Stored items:
····················
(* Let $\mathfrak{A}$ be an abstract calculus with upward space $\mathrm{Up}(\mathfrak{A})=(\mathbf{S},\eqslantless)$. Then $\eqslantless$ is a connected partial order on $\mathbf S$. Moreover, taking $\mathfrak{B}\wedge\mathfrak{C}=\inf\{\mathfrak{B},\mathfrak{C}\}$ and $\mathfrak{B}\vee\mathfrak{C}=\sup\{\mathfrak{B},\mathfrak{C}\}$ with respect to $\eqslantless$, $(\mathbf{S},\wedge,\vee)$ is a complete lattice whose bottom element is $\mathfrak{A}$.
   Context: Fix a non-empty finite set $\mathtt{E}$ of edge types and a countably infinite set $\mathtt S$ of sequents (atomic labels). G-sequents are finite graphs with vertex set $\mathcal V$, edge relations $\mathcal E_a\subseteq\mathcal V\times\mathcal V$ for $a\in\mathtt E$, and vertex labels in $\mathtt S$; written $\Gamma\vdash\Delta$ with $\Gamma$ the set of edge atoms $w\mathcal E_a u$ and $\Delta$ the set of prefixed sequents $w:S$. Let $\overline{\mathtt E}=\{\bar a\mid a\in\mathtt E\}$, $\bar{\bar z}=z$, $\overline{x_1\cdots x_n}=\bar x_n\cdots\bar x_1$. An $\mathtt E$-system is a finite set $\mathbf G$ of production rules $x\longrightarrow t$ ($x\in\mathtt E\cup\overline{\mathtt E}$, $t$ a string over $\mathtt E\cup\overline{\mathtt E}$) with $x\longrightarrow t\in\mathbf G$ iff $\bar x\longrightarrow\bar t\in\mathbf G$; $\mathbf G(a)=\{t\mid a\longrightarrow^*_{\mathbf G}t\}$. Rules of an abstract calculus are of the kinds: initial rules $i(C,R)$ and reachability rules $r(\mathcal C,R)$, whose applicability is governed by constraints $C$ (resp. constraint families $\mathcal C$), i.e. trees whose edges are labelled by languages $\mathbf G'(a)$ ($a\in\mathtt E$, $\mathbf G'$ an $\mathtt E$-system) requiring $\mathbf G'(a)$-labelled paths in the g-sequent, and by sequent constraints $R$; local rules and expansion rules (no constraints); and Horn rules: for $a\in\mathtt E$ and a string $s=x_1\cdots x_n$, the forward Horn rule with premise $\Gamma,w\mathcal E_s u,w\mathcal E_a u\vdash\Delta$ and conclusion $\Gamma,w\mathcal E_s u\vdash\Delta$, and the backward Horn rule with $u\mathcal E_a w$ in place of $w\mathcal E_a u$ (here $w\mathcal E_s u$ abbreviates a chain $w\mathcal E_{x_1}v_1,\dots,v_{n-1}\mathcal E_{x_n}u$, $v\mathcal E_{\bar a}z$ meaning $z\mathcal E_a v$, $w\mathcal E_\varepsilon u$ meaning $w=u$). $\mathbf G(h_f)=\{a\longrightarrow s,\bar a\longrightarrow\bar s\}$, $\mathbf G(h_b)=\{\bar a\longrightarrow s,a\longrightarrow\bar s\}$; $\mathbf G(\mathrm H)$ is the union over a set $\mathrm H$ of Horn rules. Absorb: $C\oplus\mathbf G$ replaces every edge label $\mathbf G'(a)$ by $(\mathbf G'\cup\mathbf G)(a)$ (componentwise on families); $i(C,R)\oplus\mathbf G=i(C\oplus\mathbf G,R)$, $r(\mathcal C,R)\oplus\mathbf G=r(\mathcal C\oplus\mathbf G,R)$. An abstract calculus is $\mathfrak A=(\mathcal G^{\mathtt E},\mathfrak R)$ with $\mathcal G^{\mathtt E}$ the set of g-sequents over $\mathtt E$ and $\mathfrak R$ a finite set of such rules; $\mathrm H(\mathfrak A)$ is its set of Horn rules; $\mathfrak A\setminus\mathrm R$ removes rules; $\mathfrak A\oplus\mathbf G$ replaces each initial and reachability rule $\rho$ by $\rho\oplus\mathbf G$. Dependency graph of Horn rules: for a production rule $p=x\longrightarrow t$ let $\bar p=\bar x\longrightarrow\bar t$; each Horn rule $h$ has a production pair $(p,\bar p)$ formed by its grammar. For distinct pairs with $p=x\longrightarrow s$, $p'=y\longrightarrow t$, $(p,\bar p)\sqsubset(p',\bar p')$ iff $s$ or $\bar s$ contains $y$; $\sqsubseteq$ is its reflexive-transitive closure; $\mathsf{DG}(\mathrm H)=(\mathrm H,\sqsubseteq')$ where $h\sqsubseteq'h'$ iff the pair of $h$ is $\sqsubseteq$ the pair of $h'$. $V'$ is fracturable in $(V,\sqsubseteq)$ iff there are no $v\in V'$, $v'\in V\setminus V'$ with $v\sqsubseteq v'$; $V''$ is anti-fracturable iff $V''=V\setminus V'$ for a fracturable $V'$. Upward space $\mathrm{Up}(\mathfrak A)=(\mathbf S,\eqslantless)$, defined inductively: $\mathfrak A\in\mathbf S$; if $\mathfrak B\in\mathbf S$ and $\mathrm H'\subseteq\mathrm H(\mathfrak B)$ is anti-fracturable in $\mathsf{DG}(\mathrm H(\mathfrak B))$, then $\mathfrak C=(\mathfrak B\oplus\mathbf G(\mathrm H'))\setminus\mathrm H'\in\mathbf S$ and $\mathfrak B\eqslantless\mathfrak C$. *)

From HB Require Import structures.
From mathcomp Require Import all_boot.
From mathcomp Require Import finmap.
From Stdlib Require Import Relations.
····················
◆ Work to be completed: Pull every line that holds the string "Require" out of the records.

◆ Answer box:
From HB Require Import structures.
From mathcomp Require Import all_boot.
From mathcomp Require Import finmap.
From Stdlib Require Import Relations.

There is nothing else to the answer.